-- Opening Marker --
Lemma sum_inv_sqr_le (R : realFieldType) N :
  \sum_(0 <= n < N.+1) (n%:R ^+ 2)^-1 <= 2 - 2 / N.+1%:R :> R.
Proof.
elim: N => [|N IH]; first by rewrite big_nat1 expr0n invr0 divr1 subrr.
rewrite big_nat_recr //; apply: le_trans (lerD IH (lexx _)) _.
set x : R := N.+1%:R; have x1 : 1 <= x by rewrite ler1n.
have -> : N.+2%:R = x + 1 :> R by rewrite -natr1.
have -> : 2 - 2 / (x + 1) = 2 - 2 / x + x^-2 + (x - 1) / (x ^+ 2 * (x + 1)).
  by field; rewrite !gt_eqF //; lra.
rewrite lerDl divr_ge0 ?subr_ge0 // mulr_ge0 ?exprn_ge0 //; lra.
Qed.

(* The term [n = 0] is [C / 0 = 0]. *)
Lemma nneseries_inv_sqr_lty (R : realType) (C : R) : 0 <= C ->
  (\sum_(n <oo) (C / n%:R ^+ 2)%:E < +oo)%E.
Proof.
move=> C0; apply: (@le_lt_trans _ _ (2 * C)%:E); last by rewrite ltry.
apply: lime_le; first by apply: is_cvg_nneseries => n _ _; rewrite lee_fin divr_ge0.
apply: nearW => -[|N]; first by rewrite big_geq // lee_fin mulr_ge0.
rewrite sumEFin lee_fin -mulr_sumr mulrC ler_wpM2r //.
by apply: le_trans (sum_inv_sqr_le _ N) _; rewrite gerBl divr_ge0.
Qed.

(* With [f z := z + g z], this says that [f (S_n) - n c] is a martingale. *)
Definition poisson_solution (R : pzRingType) (u g : int -> R) (c : R) : Prop :=
  forall z, u z * (1 + g (z + 1)) + (1 - u z) * (-1 + g (z - 1)) - g z = c.

Lemma up_prob01 (R : realType) m (a a' : R) :
  0 <= a <= 1 -> 0 <= a' <= 1 -> forall z, 0 <= up_prob m a a' z <= 1.
Proof. by move=> a01 a'01 z; rewrite /up_prob; case: ifP. Qed.

Section Convergence.
Context (R : realType) d (T : measurableType d) (P : probability T R).
Variables (m : nat) (a a' : R) (S : nat -> T -> int).
Hypotheses (a01 : 0 <= a <= 1) (a'01 : 0 <= a' <= 1).
Hypothesis HS : parrondo_realization P m a a' S.

Local Notation u := (up_prob m a a').

Variables (g : int -> R) (c G : R).
Hypothesis g_le : forall z, `|g z| <= G.
Hypothesis g_poisson : poisson_solution u g c.

Let u01 := up_prob01 m a01 a'01.

Let f (z : int) : R := z%:~R + g z.
Let K := 1 + 2 * G + `|c|.

Let f_centered z :
  u z * (f (z + 1) - f z - c) + (1 - u z) * (f (z - 1) - f z - c) = 0.
Proof. by rewrite /f -(g_poisson z) intrD intrB; ring. Qed.

Let f_incr_le z (s : int) : `|s| = 1 -> `|f (z + s) - f z - c| <= K.
Proof.
move=> s1; rewrite /f intrD.
rewrite (_ : _ + _ - _ - c = s%:~R + (g (z + s) - g z) - c); last by ring.
apply: le_trans (ler_normB _ _) _; apply: lerD => //.
apply: le_trans (ler_normD _ _) _.
have -> : `|s%:~R : R| = 1 by rewrite -intr_norm s1.
by rewrite lerD2l mulr_natl mulr2n; apply: le_trans (ler_normB _ _) _; rewrite lerD.
Qed.

Let f_incrD_le z : `|f (z + 1) - f z - c| <= K.
Proof. exact: f_incr_le. Qed.

Let f_incrB_le z : `|f (z - 1) - f z - c| <= K.
Proof. by apply: f_incr_le; rewrite normrN. Qed.

Let event_measure := prefix_event_measure (fun=> erefl) (historyS S)
  (history_measurable HS) (history_measure HS).

Definition deviation_event k n : set T :=
  [set w | k.+1%:R^-1 * n%:R < `|mart f c n (history S n w)|].

Lemma deviation_event_measurable k n : measurable (deviation_event k n).
Proof.
exact: (prefix_event_measurable (fun=> erefl) (historyS S) (history_measurable HS) n
  (fun b => k.+1%:R^-1 * n%:R < `|mart f c n b|)).
Qed.

Lemma deviation_event_measure_le k n :
  (P (deviation_event k n) <= (8 * K ^+ 4 * k.+1%:R ^+ 4 / n%:R ^+ 2)%:E)%E.
Proof.
rewrite /deviation_event.
rewrite (event_measure n (fun b => k.+1%:R^-1 * n%:R < `|mart f c n b|)) lee_fin.
apply: le_trans (mart_deviation_weight_le u01 f_centered f_incrD_le f_incrB_le _ _) _.
  by rewrite invr_gt0.
by rewrite exprVn invrK.
Qed.

Lemma lim_sup_deviation_event k : P (lim_sup_set (deviation_event k)) = 0%E.
Proof.
apply: lim_sup_set_cvg0; first exact: deviation_event_measurable.
apply: le_lt_trans (nneseries_inv_sqr_lty (_ : 0 <= 8 * K ^+ 4 * k.+1%:R ^+ 4)).
  apply: lee_nneseries => [n _ _|n _]; first exact: measure_ge0.
  exact: deviation_event_measure_le.
by rewrite !mulr_ge0 ?exprn_ge0 // (le_trans _ (f_incrD_le 0)).
Qed.

Theorem realization_cvg :
  {ae P, forall w, (S n w)%:~R / n%:R @[n --> \oo] --> (c : R^o)}.
Proof.
have null : P.-negligible (\bigcup_k lim_sup_set (deviation_event k)).
  apply: negligible_bigcup => k; exists (lim_sup_set (deviation_event k)).
  split => //; last exact: lim_sup_deviation_event.
  apply: bigcapT_measurable => n; apply: bigcup_measurable => j _.
  exact: deviation_event_measurable.
apply: negligibleS null => w /= ncvg; apply: contra_notP ncvg => nlim.
apply: (@cvg_ratio_of_small_deviation _ (fun n => (S n w)%:~R)
  (fun n => g (S n w) - g 0) _ (G + G)).
  by move=> n; apply: le_trans (ler_normB _ _) _; rewrite lerD.
move=> k; have [N devN] : exists N, forall n, (N <= n)%N -> ~ deviation_event k n w.
  apply: contrapT => ndev; apply: nlim; exists k => // N _.
  apply: contrapT => nN; apply: ndev; exists N => n Nn dev; apply: nN; by exists n.
near=> n; have Nn : (N <= n)%N by near: n; exact: nbhs_infty_ge.
have := devN n Nn; rewrite /deviation_event /= => /negP.
by rewrite -leNgt /mart (path_end_history HS) /f add0r addrA.
Unshelve. all: by end_near.
Qed.

End Convergence.

Section UniformUnitInterval.
Context (R : realType).

Definition unit_itv : set (measurableTypeR R) := `[(0:R), 1[.

Lemma measurable_unit_itv : measurable unit_itv.
Proof. exact: measurable_itv. Qed.

Definition unif01 : set (measurableTypeR R) -> \bar R :=
  mrestr (@lebesgue_measure R) measurable_unit_itv.

Lemma unif01_setT : unif01 setT = 1%E.
Proof. by rewrite /unif01 /mrestr setTI lebesgue_measure_itv /= lte01 oppr0 adde0. Qed.

HB.instance Definition _ := Measure.copy unif01
  (mrestr (@lebesgue_measure R) measurable_unit_itv).
HB.instance Definition _ :=
  @Measure_isProbability.Build _ (measurableTypeR R) R unif01 unif01_setT.

End UniformUnitInterval.

Section UniformCoding.
Context (R : realType).
Variable u : int -> R.
Hypothesis u01 : forall z, 0 <= u z <= 1.

(* The paths of length [n] label a partition of [0,1[ into intervals
   [[cell_lo b, cell_hi b[] of length [path_weight u b]; a step from [b] cuts
   the cell of [b] in proportions [u (path_end b)] and [1 - u (path_end b)]. *)
Fixpoint cell (b : seq bool) : R * R :=
  if b is x :: b' then
    let: (lo, hi) := cell b' in
    let mid := lo + u (path_end b') * (hi - lo) in
    if x then (lo, mid) else (mid, hi)
  else (0, 1).

Definition cell_lo (b : seq bool) : R := (cell b).1.
Definition cell_hi (b : seq bool) : R := (cell b).2.
Definition cell_mid (b : seq bool) : R := cell_lo b + u (path_end b) * (cell_hi b - cell_lo b).

Lemma cell_cons x b : cell (x :: b) =
  if x then (cell_lo b, cell_mid b) else (cell_mid b, cell_hi b).
Proof. by rewrite /= /cell_mid /cell_lo /cell_hi; case: (cell b). Qed.

Lemma cell_mid_between b : cell_lo b <= cell_hi b ->
  cell_lo b <= cell_mid b <= cell_hi b.
Proof.
move=> lohi; have /andP[u0 u1] := u01 (path_end b); rewrite /cell_mid.
have : u (path_end b) * (cell_hi b - cell_lo b) <= cell_hi b - cell_lo b.
  by rewrite ler_piMl // subr_ge0.
by rewrite lerDl mulr_ge0 ?subr_ge0 //=; lra.
Qed.

Lemma cell_bounds b :
  [/\ 0 <= cell_lo b, cell_lo b <= cell_hi b, cell_hi b <= 1 &
      cell_hi b - cell_lo b = path_weight u b].
Proof.
elim: b => [|x b [lo0 lohi hi1 len]]; first by rewrite /cell_lo /cell_hi /= subr0.
have /andP[lomid midhi] := cell_mid_between lohi.
rewrite /cell_lo /cell_hi cell_cons -/(cell_lo b) -/(cell_hi b) /= /step_prob -len.
by case: x => /=; split; try lra; rewrite /cell_mid; ring.
Qed.

Fixpoint unif_path (n : nat) (w : R) : seq bool :=
  if n is n'.+1 then (w < cell_mid (unif_path n' w)) :: unif_path n' w else [::].

Lemma unif_pathS n w : exists x, unif_path n.+1 w = x :: unif_path n w.
Proof. by eexists. Qed.

Lemma unif_path_cell n b w : size b = n -> 0 <= w < 1 ->
  (unif_path n w = b <-> cell_lo b <= w < cell_hi b).
Proof.
move=> sb w01; elim: n b sb => [|n IH] [|x b] //= [sb].
have [_ lohi _ _] := cell_bounds b; have /andP[lomid midhi] := cell_mid_between lohi.
rewrite /cell_lo /cell_hi cell_cons -/(cell_lo b) -/(cell_hi b).
split => [[<- ub]|].
  have /andP[lo hi] := (IH _ sb).1 ub; rewrite ub.
  by case: ifP => wmid /=; rewrite ?lo ?wmid // leNgt wmid hi.
case: x => /= /andP[lo hi]; have ub : unif_path n w = b.
- by apply/(IH _ sb)/andP; split => //; lra.
- by rewrite ub hi.
- by apply/(IH _ sb)/andP; split => //; lra.
- by rewrite ub ltNge lo.
Qed.

Lemma unif_path_measurable n b :
  measurable [set w : measurableTypeR R | unif_path n w = b].
Proof.
elim: n b => [|n IH] [|x b].
- by rewrite (_ : [set w | _] = setT) //; apply/seteqP; split.
- by rewrite (_ : [set w | _] = set0) //; apply/seteqP; split.
- by rewrite (_ : [set w | _] = set0) //; apply/seteqP; split.
rewrite (_ : [set w | _] =
    [set w | unif_path n w = b] `&` [set w | (w < cell_mid b) = x]).
  apply: measurableI => //; case: x.
    rewrite (_ : [set w | _] = `]-oo, cell_mid b[%classic); first exact: measurable_itv.
    by apply/seteqP; split => w /=; rewrite in_itv.
  rewrite (_ : [set w | _] = `[cell_mid b, +oo[%classic); first exact: measurable_itv.
  apply/seteqP; split => w /=; rewrite in_itv /= andbT leNgt.
    by move=> ->.
  by move/negbTE.
by apply/seteqP; split => w /= [<- <-].
Qed.

Lemma unif_path_measure n b : b \in bool_paths n ->
  unif01 [set w : measurableTypeR R | unif_path n w = b] = (path_weight u b)%:E.
Proof.
rewrite mem_bool_paths => /eqP sb; have [lo0 lohi hi1 len] := cell_bounds b.
rewrite /unif01 /mrestr (_ : _ `&` _ = `[cell_lo b, cell_hi b[%classic).
  rewrite lebesgue_measure_itv /= lte_fin -len; case: ltP => // hilo.
  by rewrite (@le_anti _ _ (cell_hi b) (cell_lo b)) ?hilo ?lohi // subrr.
apply/seteqP; split => w /=.
  by rewrite /unit_itv /= !in_itv /= => -[/(unif_path_cell sb)].
rewrite !in_itv /= => /andP[lo hi]; have w01 : 0 <= w < 1 by apply/andP; split; lra.
by split; [apply/(unif_path_cell sb w01)/andP | rewrite /unit_itv /= in_itv].
Qed.

End UniformCoding.

Lemma game_realizable_unif01 (R : realType) (m : nat) (a a' : R) :
  0 <= a <= 1 -> 0 <= a' <= 1 -> game_realizable m a a'.
Proof.
move=> a01 a'01; exists _, _, (@unif01 R).
exists (fun n w => path_end (unif_path (up_prob m a a') n w)).
exact: (prefix_realization (P := @unif01 R) (fun=> erefl) (unif_pathS _)
  (unif_path_measurable _) (unif_path_measure (up_prob01 m a01 a'01))).
Qed.

Definition has_drift (R : realType) (m : nat) (a a' c : R) : Prop :=
  game_realizable m a a' /\
  forall (d : measure_display) (T : measurableType d) (P : probability T R)
         (S : nat -> T -> int), parrondo_realization P m a a' S ->
    {ae P, forall w, (S n w)%:~R / n%:R @[n --> \oo] --> (c : R^o)}.

Lemma has_drift_of_poisson (R : realType) m (a a' : R) (g : int -> R) (c G : R) :
  0 <= a <= 1 -> 0 <= a' <= 1 -> (forall z, `|g z| <= G) ->
  poisson_solution (up_prob m a a') g c -> has_drift m a a' c.
Proof.
move=> a01 a'01 g_le g_poisson; split; first exact: game_realizable_unif01.
by move=> d T P S HS; apply: (realization_cvg a01 a'01 HS g_le g_poisson).
Qed.

Lemma losing_game_of_drift (R : realType) m (a a' c : R) :
  c < 0 -> has_drift m a a' c -> losing_game m a a'.
Proof.
move=> c0 [realizable cvg_c]; split => // d T P S HS.
by apply: filterS (cvg_c d T P S HS) => w; exists c.
Qed.

Lemma winning_game_of_drift (R : realType) m (a a' c : R) :
  0 < c -> has_drift m a a' c -> winning_game m a a'.
Proof.
move=> c0 [realizable cvg_c]; split => // d T P S HS.
by apply: filterS (cvg_c d T P S HS) => w; exists c.
Qed.

Section Period3.
Variables (R : realType) (a a' g1 g2 c : R).

Definition period3 (z : int) : R :=
  if (z %% 3)%Z == 0 then 0 else if (z %% 3)%Z == 1 then g1 else g2.

Lemma period3_le z : `|period3 z| <= `|g1| + `|g2|.
Proof.
rewrite /period3; case: ifP => _; first by rewrite normr0 addr_ge0.
by case: ifP => _; rewrite ?lerDl ?lerDr.
Qed.

Hypothesis poisson0 : a' * (1 + g1) + (1 - a') * (-1 + g2) = c.
Hypothesis poisson1 : a * (1 + g2) - (1 - a) - g1 = c.
Hypothesis poisson2 : a + (1 - a) * (-1 + g1) - g2 = c.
-- Closing Marker --
:: Task goal ::
Output the listing above word for word, from the opening line through the line that contains "apply: lime_le; first", and leave out everything after it.

:: Task response ::
Lemma sum_inv_sqr_le (R : realFieldType) N :
  \sum_(0 <= n < N.+1) (n%:R ^+ 2)^-1 <= 2 - 2 / N.+1%:R :> R.
Proof.
elim: N => [|N IH]; first by rewrite big_nat1 expr0n invr0 divr1 subrr.
rewrite big_nat_recr //; apply: le_trans (lerD IH (lexx _)) _.
set x : R := N.+1%:R; have x1 : 1 <= x by rewrite ler1n.
have -> : N.+2%:R = x + 1 :> R by rewrite -natr1.
have -> : 2 - 2 / (x + 1) = 2 - 2 / x + x^-2 + (x - 1) / (x ^+ 2 * (x + 1)).
  by field; rewrite !gt_eqF //; lra.
rewrite lerDl divr_ge0 ?subr_ge0 // mulr_ge0 ?exprn_ge0 //; lra.
Qed.

(* The term [n = 0] is [C / 0 = 0]. *)
Lemma nneseries_inv_sqr_lty (R : realType) (C : R) : 0 <= C ->
  (\sum_(n <oo) (C / n%:R ^+ 2)%:E < +oo)%E.
Proof.
move=> C0; apply: (@le_lt_trans _ _ (2 * C)%:E); last by rewrite ltry.
apply: lime_le; first by apply: is_cvg_nneseries => n _ _; rewrite lee_fin divr_ge0.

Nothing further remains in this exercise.